(* Let $\mathcal{C}$ be a monopole and $x$ an object of $\mathcal{C}$. If $\mu_x:x\to y$ is a completion of $x$ in $\mathcal{C}$, then $y$ is complete in $\mathcal{C}$, i.e. $1_y:y\to y$ is a completion of $y$ in $\mathcal{C}$.
   Context: A refinement of a category is a subcategory containing all objects and all isomorphisms. A (positive) monopole is a category $\mathcal{C}$ with a distinguished refinement $\mathcal{C}_+$ whose arrows are called positive. For an object $x$, the co-slice $x\downarrow\mathcal{C}$ is the category whose objects are the positive arrows $f:x\to a$, with morphisms from $f:x\to a$ to $g:x\to b$ the arrows $\xi:a\to b$ of $\mathcal{C}$ with $\xi\circ f=g$. An object $z$ of a category is amphi-terminal if every object has at least one arrow to $z$ and $z$ has at most one arrow to any object. A completion of $x$ in $\mathcal{C}$ is an amphi-terminal object of $x\downarrow\mathcal{C}$; $x$ is complete in $\mathcal{C}$ if $1_x$ is a completion of $x$. *)

From Stdlib Require Import ProofIrrelevance.
Set Implicit Arguments.

Record Category := {
  Ob :> Type;
  Hom : Ob -> Ob -> Type;
  idc : forall a, Hom a a;
  comp : forall a b c, Hom b c -> Hom a b -> Hom a c;
  comp_id_l : forall a b (f : Hom a b), comp (idc b) f = f;
  comp_id_r : forall a b (f : Hom a b), comp f (idc a) = f;
  comp_assoc : forall a b c d (f : Hom a b) (g : Hom b c) (h : Hom c d),
      comp h (comp g f) = comp (comp h g) f
}.

Arguments Hom {C} a b : rename.
Arguments idc {C} a : rename.
Arguments comp {C a b c} g f : rename.

Definition is_iso {C : Category} {a b : C} (f : Hom a b) : Prop :=
  exists g : Hom b a, comp g f = idc a /\ comp f g = idc b.

(* A monopole: a category with a distinguished refinement (subcategory
   containing all objects and all isomorphisms) of positive arrows. *)
Record Monopole := {
  mcat :> Category;
  Pos : forall a b : mcat, Hom a b -> Prop;
  pos_comp : forall (a b c : mcat) (f : Hom a b) (g : Hom b c),
      Pos a b f -> Pos b c g -> Pos a c (comp g f);
  pos_iso : forall (a b : mcat) (f : Hom a b), @is_iso mcat a b f -> Pos a b f
}.

Arguments Pos {m a b} f : rename.

Lemma idc_is_iso (C : Category) (a : C) : is_iso (idc a).
Proof. exists (idc a); split; apply comp_id_l. Qed.

Definition pos_idc {C : Monopole} (a : C) : Pos (idc a) :=
  @pos_iso C a a (idc a) (@idc_is_iso C a).

Definition amphi_terminal (D : Category) (z : D) : Prop :=
  (forall w : D, exists _ : Hom w z, True) /\
  (forall w : D, forall u v : Hom z w, u = v).

(* The co-slice category x |v C: objects are positive arrows out of x,
   morphisms are arbitrary arrows of C making the triangle commute. *)
Definition cs_ob {C : Monopole} (x : C) : Type :=
  { a : C & { f : Hom x a | Pos f } }.

Definition cs_tgt {C : Monopole} {x : C} (A : cs_ob x) : C := projT1 A.
Definition cs_arr {C : Monopole} {x : C} (A : cs_ob x) : Hom x (cs_tgt A) :=
  proj1_sig (projT2 A).

Definition cs_hom {C : Monopole} {x : C} (A B : cs_ob x) : Type :=
  { xi : Hom (cs_tgt A) (cs_tgt B) | comp xi (cs_arr A) = cs_arr B }.

Definition cs_id {C : Monopole} {x : C} (A : cs_ob x) : cs_hom A A :=
  exist _ (idc _) (comp_id_l _ _ _ (cs_arr A)).

Definition cs_comp {C : Monopole} {x : C} (A B D : cs_ob x)
  (g : cs_hom B D) (f : cs_hom A B) : cs_hom A D.
Proof.
  exists (comp (proj1_sig g) (proj1_sig f)).
  rewrite <- comp_assoc, (proj2_sig f). exact (proj2_sig g).
Defined.

Lemma cs_hom_eq {C : Monopole} {x : C} (A B : cs_ob x) (f g : cs_hom A B) :
  proj1_sig f = proj1_sig g -> f = g.
Proof.
  destruct f as [f Hf], g as [g Hg]; simpl; intros ->.
  f_equal; apply proof_irrelevance.
Qed.

Definition coslice (C : Monopole) (x : C) : Category.
Proof.
  refine (@Build_Category (cs_ob x) (@cs_hom C x) (@cs_id C x) (@cs_comp C x)
            _ _ _); intros; apply cs_hom_eq; simpl.
  - apply comp_id_l.
  - apply comp_id_r.
  - apply comp_assoc.
Defined.

Definition cs_obj {C : Monopole} {x y : C} (mu : Hom x y) (Hmu : Pos mu)
  : Ob (coslice C x) :=
  existT _ y (exist _ mu Hmu).
Arguments cs_obj {C x y} mu Hmu.

Definition completion (C : Monopole) (x : C) (A : Ob (coslice C x)) : Prop :=
  amphi_terminal (coslice C x) A.
Arguments completion : clear implicits.

Definition complete (C : Monopole) (x : C) : Prop :=
  completion C x (cs_obj (idc x) (pos_idc x)).
Arguments complete : clear implicits.


(* Composing with the completion [mu : x -> y] turns a positive [f : y -> a]
   into an object [f o mu] of [x |v C]; its arrow [xi] back to [mu] makes
   [xi o f] an endomorphism of [mu], which must be the identity.  So every
   positive arrow out of [y] is a split mono, which gives the arrows into
   [1_y]; arrows out of [1_y] are unique in any co-slice. *)

Lemma amphi_terminal_endo {D : Category} {z : D} :
  amphi_terminal D z -> forall u : Hom z z, u = idc z.
Proof. intros [_ Huniq] u; apply Huniq. Qed.

Lemma cs_hom_from_idc_unique (C : Monopole) (y : C)
    (B : coslice C y) (u v : Hom (cs_obj (idc y) (pos_idc y)) B) : u = v.
Proof.
  apply cs_hom_eq.
  destruct u as [u Hu], v as [v Hv]; unfold cs_arr in Hu, Hv; simpl in *.
  rewrite comp_id_r in Hu, Hv; congruence.
Qed.

Lemma completion_pos_split_mono {C : Monopole} {x y : C} {mu : Hom x y}
    {Hmu : Pos mu} :
  completion C x (cs_obj mu Hmu) ->
  forall (a : C) (f : Hom y a), Pos f -> exists xi : Hom a y, comp xi f = idc y.
Proof.
  intros Hcompl a f Hf.
  destruct (proj1 Hcompl (cs_obj (comp f mu) (pos_comp _ _ _ _ _ _ Hmu Hf)))
    as [[xi Hxi] _].
  unfold cs_arr in Hxi; simpl in xi, Hxi.
  assert (Hendo : comp (comp xi f) mu = mu) by (rewrite <- comp_assoc; exact Hxi).
  pose (e := exist (fun z : Hom y y => comp z mu = mu) (comp xi f) Hendo
             : Hom (C := coslice C x) (cs_obj mu Hmu) (cs_obj mu Hmu)).
  exists xi.
  exact (f_equal (@proj1_sig _ _) (amphi_terminal_endo Hcompl e)).
Qed.

Theorem mainTheorem4 (C : Monopole) (x y : C) (mu : Hom x y) (Hmu : Pos mu) :
  completion C x (cs_obj mu Hmu) -> complete C y.
Proof.
  intros Hcompl; split.
  - intros [a [f Hf]].
    destruct (completion_pos_split_mono Hcompl a f Hf) as [xi Hxi].
    exists (exist (fun z : Hom a y => comp z f = idc y) xi Hxi); exact I.
  - apply cs_hom_from_idc_unique.
Qed.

----------------------------------------

> **Exercise**
The records above must be transcribed without a single omission.

> **Solution**
(* Let $\mathcal{C}$ be a monopole and $x$ an object of $\mathcal{C}$. If $\mu_x:x\to y$ is a completion of $x$ in $\mathcal{C}$, then $y$ is complete in $\mathcal{C}$, i.e. $1_y:y\to y$ is a completion of $y$ in $\mathcal{C}$.
   Context: A refinement of a category is a subcategory containing all objects and all isomorphisms. A (positive) monopole is a category $\mathcal{C}$ with a distinguished refinement $\mathcal{C}_+$ whose arrows are called positive. For an object $x$, the co-slice $x\downarrow\mathcal{C}$ is the category whose objects are the positive arrows $f:x\to a$, with morphisms from $f:x\to a$ to $g:x\to b$ the arrows $\xi:a\to b$ of $\mathcal{C}$ with $\xi\circ f=g$. An object $z$ of a category is amphi-terminal if every object has at least one arrow to $z$ and $z$ has at most one arrow to any object. A completion of $x$ in $\mathcal{C}$ is an amphi-terminal object of $x\downarrow\mathcal{C}$; $x$ is complete in $\mathcal{C}$ if $1_x$ is a completion of $x$. *)

From Stdlib Require Import ProofIrrelevance.
Set Implicit Arguments.

Record Category := {
  Ob :> Type;
  Hom : Ob -> Ob -> Type;
  idc : forall a, Hom a a;
  comp : forall a b c, Hom b c -> Hom a b -> Hom a c;
  comp_id_l : forall a b (f : Hom a b), comp (idc b) f = f;
  comp_id_r : forall a b (f : Hom a b), comp f (idc a) = f;
  comp_assoc : forall a b c d (f : Hom a b) (g : Hom b c) (h : Hom c d),
      comp h (comp g f) = comp (comp h g) f
}.

Arguments Hom {C} a b : rename.
Arguments idc {C} a : rename.
Arguments comp {C a b c} g f : rename.

Definition is_iso {C : Category} {a b : C} (f : Hom a b) : Prop :=
  exists g : Hom b a, comp g f = idc a /\ comp f g = idc b.

(* A monopole: a category with a distinguished refinement (subcategory
   containing all objects and all isomorphisms) of positive arrows. *)
Record Monopole := {
  mcat :> Category;
  Pos : forall a b : mcat, Hom a b -> Prop;
  pos_comp : forall (a b c : mcat) (f : Hom a b) (g : Hom b c),
      Pos a b f -> Pos b c g -> Pos a c (comp g f);
  pos_iso : forall (a b : mcat) (f : Hom a b), @is_iso mcat a b f -> Pos a b f
}.

Arguments Pos {m a b} f : rename.

Lemma idc_is_iso (C : Category) (a : C) : is_iso (idc a).
Proof. exists (idc a); split; apply comp_id_l. Qed.

Definition pos_idc {C : Monopole} (a : C) : Pos (idc a) :=
  @pos_iso C a a (idc a) (@idc_is_iso C a).

Definition amphi_terminal (D : Category) (z : D) : Prop :=
  (forall w : D, exists _ : Hom w z, True) /\
  (forall w : D, forall u v : Hom z w, u = v).

(* The co-slice category x |v C: objects are positive arrows out of x,
   morphisms are arbitrary arrows of C making the triangle commute. *)
Definition cs_ob {C : Monopole} (x : C) : Type :=
  { a : C & { f : Hom x a | Pos f } }.

Definition cs_tgt {C : Monopole} {x : C} (A : cs_ob x) : C := projT1 A.
Definition cs_arr {C : Monopole} {x : C} (A : cs_ob x) : Hom x (cs_tgt A) :=
  proj1_sig (projT2 A).

Definition cs_hom {C : Monopole} {x : C} (A B : cs_ob x) : Type :=
  { xi : Hom (cs_tgt A) (cs_tgt B) | comp xi (cs_arr A) = cs_arr B }.

Definition cs_id {C : Monopole} {x : C} (A : cs_ob x) : cs_hom A A :=
  exist _ (idc _) (comp_id_l _ _ _ (cs_arr A)).

Definition cs_comp {C : Monopole} {x : C} (A B D : cs_ob x)
  (g : cs_hom B D) (f : cs_hom A B) : cs_hom A D.
Proof.
  exists (comp (proj1_sig g) (proj1_sig f)).
  rewrite <- comp_assoc, (proj2_sig f). exact (proj2_sig g).
Defined.

Lemma cs_hom_eq {C : Monopole} {x : C} (A B : cs_ob x) (f g : cs_hom A B) :
  proj1_sig f = proj1_sig g -> f = g.
Proof.
  destruct f as [f Hf], g as [g Hg]; simpl; intros ->.
  f_equal; apply proof_irrelevance.
Qed.

Definition coslice (C : Monopole) (x : C) : Category.
Proof.
  refine (@Build_Category (cs_ob x) (@cs_hom C x) (@cs_id C x) (@cs_comp C x)
            _ _ _); intros; apply cs_hom_eq; simpl.
  - apply comp_id_l.
  - apply comp_id_r.
  - apply comp_assoc.
Defined.

Definition cs_obj {C : Monopole} {x y : C} (mu : Hom x y) (Hmu : Pos mu)
  : Ob (coslice C x) :=
  existT _ y (exist _ mu Hmu).
Arguments cs_obj {C x y} mu Hmu.

Definition completion (C : Monopole) (x : C) (A : Ob (coslice C x)) : Prop :=
  amphi_terminal (coslice C x) A.
Arguments completion : clear implicits.

Definition complete (C : Monopole) (x : C) : Prop :=
  completion C x (cs_obj (idc x) (pos_idc x)).
Arguments complete : clear implicits.


(* Composing with the completion [mu : x -> y] turns a positive [f : y -> a]
   into an object [f o mu] of [x |v C]; its arrow [xi] back to [mu] makes
   [xi o f] an endomorphism of [mu], which must be the identity.  So every
   positive arrow out of [y] is a split mono, which gives the arrows into
   [1_y]; arrows out of [1_y] are unique in any co-slice. *)

Lemma amphi_terminal_endo {D : Category} {z : D} :
  amphi_terminal D z -> forall u : Hom z z, u = idc z.
Proof. intros [_ Huniq] u; apply Huniq. Qed.

Lemma cs_hom_from_idc_unique (C : Monopole) (y : C)
    (B : coslice C y) (u v : Hom (cs_obj (idc y) (pos_idc y)) B) : u = v.
Proof.
  apply cs_hom_eq.
  destruct u as [u Hu], v as [v Hv]; unfold cs_arr in Hu, Hv; simpl in *.
  rewrite comp_id_r in Hu, Hv; congruence.
Qed.

Lemma completion_pos_split_mono {C : Monopole} {x y : C} {mu : Hom x y}
    {Hmu : Pos mu} :
  completion C x (cs_obj mu Hmu) ->
  forall (a : C) (f : Hom y a), Pos f -> exists xi : Hom a y, comp xi f = idc y.
Proof.
  intros Hcompl a f Hf.
  destruct (proj1 Hcompl (cs_obj (comp f mu) (pos_comp _ _ _ _ _ _ Hmu Hf)))
    as [[xi Hxi] _].
  unfold cs_arr in Hxi; simpl in xi, Hxi.
  assert (Hendo : comp (comp xi f) mu = mu) by (rewrite <- comp_assoc; exact Hxi).
  pose (e := exist (fun z : Hom y y => comp z mu = mu) (comp xi f) Hendo
             : Hom (C := coslice C x) (cs_obj mu Hmu) (cs_obj mu Hmu)).
  exists xi.
  exact (f_equal (@proj1_sig _ _) (amphi_terminal_endo Hcompl e)).
Qed.

Theorem mainTheorem4 (C : Monopole) (x y : C) (mu : Hom x y) (Hmu : Pos mu) :
  completion C x (cs_obj mu Hmu) -> complete C y.
Proof.
  intros Hcompl; split.
  - intros [a [f Hf]].
    destruct (completion_pos_split_mono Hcompl a f Hf) as [xi Hxi].
    exists (exist (fun z : Hom a y => comp z f = idc y) xi Hxi); exact I.
  - apply cs_hom_from_idc_unique.
Qed.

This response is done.